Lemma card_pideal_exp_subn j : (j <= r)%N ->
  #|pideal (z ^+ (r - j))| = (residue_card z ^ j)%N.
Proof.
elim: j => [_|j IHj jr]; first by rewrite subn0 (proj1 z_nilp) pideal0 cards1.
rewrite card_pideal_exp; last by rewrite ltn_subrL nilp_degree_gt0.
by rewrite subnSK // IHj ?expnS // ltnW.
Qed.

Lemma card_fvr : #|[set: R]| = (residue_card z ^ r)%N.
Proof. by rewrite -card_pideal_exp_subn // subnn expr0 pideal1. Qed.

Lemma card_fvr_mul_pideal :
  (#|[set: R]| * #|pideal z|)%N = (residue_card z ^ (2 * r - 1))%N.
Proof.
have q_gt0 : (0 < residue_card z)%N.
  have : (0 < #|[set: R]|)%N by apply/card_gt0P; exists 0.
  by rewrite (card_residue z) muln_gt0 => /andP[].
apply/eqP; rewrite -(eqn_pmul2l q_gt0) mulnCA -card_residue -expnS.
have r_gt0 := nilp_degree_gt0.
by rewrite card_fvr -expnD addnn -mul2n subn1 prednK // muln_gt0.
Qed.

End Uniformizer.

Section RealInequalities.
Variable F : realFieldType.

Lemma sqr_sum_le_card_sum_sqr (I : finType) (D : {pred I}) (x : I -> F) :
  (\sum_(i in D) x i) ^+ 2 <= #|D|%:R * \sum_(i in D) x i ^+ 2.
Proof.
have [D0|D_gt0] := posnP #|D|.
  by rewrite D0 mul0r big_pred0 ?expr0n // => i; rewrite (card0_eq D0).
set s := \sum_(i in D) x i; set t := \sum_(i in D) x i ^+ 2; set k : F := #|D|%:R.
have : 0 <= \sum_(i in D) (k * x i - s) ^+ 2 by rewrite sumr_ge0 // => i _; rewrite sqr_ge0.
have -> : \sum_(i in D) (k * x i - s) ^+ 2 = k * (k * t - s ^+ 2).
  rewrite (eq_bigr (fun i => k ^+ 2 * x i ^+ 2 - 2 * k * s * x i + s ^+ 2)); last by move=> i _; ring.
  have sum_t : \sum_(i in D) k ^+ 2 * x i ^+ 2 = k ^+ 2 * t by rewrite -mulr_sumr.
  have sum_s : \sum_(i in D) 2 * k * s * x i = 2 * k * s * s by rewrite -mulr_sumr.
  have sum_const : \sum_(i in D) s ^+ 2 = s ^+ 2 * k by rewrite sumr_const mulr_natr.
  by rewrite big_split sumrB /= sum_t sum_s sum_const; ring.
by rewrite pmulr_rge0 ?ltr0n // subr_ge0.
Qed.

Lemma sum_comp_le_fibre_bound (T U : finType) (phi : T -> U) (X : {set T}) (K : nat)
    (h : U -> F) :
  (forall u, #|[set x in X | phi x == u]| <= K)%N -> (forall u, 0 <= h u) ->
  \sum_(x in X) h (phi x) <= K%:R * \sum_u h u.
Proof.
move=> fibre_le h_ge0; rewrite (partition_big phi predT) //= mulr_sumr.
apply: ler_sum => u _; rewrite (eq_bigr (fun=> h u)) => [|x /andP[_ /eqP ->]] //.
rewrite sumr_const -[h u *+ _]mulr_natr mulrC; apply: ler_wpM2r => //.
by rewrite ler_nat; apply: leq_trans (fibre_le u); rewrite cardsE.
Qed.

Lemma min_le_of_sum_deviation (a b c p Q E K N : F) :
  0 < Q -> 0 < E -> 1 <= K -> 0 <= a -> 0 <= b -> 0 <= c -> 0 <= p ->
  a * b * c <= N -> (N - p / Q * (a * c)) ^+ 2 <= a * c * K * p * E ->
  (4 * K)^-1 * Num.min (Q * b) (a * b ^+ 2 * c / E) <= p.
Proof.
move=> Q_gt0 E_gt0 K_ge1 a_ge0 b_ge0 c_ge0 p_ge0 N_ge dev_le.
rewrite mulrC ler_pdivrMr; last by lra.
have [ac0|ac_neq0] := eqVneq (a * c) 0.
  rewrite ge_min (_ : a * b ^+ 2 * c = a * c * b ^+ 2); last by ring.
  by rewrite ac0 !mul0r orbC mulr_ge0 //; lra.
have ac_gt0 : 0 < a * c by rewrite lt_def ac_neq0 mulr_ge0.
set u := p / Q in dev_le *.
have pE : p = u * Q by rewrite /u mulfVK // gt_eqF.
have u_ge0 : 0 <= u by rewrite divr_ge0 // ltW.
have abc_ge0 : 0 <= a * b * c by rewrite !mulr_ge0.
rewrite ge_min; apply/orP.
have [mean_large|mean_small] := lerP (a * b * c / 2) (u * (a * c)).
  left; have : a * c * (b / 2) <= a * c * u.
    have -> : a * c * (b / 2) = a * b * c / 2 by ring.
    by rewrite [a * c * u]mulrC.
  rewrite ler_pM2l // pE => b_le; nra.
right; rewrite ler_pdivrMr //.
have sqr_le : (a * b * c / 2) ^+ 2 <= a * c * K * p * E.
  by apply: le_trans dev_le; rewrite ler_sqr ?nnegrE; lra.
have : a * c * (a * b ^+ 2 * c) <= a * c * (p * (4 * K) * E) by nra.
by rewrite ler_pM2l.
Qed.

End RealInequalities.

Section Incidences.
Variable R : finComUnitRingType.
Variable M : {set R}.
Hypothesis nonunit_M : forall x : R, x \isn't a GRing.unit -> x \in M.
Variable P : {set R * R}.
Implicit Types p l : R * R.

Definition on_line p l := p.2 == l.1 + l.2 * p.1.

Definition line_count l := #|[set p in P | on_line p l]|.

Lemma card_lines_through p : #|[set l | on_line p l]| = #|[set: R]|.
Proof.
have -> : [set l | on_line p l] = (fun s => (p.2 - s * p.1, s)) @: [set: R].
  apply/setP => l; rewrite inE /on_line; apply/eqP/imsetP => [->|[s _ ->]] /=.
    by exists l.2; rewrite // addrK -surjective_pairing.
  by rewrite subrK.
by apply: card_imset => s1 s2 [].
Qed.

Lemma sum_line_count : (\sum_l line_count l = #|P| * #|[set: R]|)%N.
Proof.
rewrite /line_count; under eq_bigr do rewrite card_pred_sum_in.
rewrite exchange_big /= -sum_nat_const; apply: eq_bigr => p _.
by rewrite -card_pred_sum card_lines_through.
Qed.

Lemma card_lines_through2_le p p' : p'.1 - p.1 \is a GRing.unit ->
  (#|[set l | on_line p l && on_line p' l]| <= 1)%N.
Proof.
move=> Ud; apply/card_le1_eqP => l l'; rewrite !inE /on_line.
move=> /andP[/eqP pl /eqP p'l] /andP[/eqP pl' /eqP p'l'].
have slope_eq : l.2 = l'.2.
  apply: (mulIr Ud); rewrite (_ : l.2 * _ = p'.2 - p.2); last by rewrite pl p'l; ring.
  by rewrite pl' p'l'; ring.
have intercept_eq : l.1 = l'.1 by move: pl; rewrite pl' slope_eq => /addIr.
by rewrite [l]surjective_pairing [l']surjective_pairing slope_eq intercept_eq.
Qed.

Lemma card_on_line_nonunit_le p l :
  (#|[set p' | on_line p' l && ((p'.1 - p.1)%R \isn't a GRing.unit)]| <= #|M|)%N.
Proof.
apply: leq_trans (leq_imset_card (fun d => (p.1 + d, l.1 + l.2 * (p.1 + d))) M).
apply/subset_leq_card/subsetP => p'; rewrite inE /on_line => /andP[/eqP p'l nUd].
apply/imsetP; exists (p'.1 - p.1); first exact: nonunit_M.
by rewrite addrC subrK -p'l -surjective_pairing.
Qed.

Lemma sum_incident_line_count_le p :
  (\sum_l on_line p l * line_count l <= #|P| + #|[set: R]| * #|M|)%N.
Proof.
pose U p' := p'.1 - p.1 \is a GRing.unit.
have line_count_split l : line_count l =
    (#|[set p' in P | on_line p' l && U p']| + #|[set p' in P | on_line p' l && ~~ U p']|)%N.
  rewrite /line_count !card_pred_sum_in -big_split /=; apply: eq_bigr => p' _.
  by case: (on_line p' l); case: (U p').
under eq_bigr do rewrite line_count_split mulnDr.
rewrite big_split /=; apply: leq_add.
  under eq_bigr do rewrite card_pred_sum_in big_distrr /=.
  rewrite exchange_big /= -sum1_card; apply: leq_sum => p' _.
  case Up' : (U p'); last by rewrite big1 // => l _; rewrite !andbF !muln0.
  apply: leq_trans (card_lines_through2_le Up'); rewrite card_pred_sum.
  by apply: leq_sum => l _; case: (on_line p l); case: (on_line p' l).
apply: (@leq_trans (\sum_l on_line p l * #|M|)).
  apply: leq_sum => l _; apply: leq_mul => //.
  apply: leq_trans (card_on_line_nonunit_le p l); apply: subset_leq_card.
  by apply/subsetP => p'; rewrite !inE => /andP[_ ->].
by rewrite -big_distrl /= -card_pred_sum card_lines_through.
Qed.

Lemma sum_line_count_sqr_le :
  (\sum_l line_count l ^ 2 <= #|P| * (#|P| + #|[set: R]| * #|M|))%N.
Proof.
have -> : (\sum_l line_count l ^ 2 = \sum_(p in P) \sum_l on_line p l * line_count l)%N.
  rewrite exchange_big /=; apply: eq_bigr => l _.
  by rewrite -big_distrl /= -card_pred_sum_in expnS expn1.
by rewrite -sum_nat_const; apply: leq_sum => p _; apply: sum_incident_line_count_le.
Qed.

========================================================================

### WHAT YOU ARE ASKED TO DO
Your answer should be a single number: the count of lines in the listing that hold the word "mulrC".

### ANSWER
3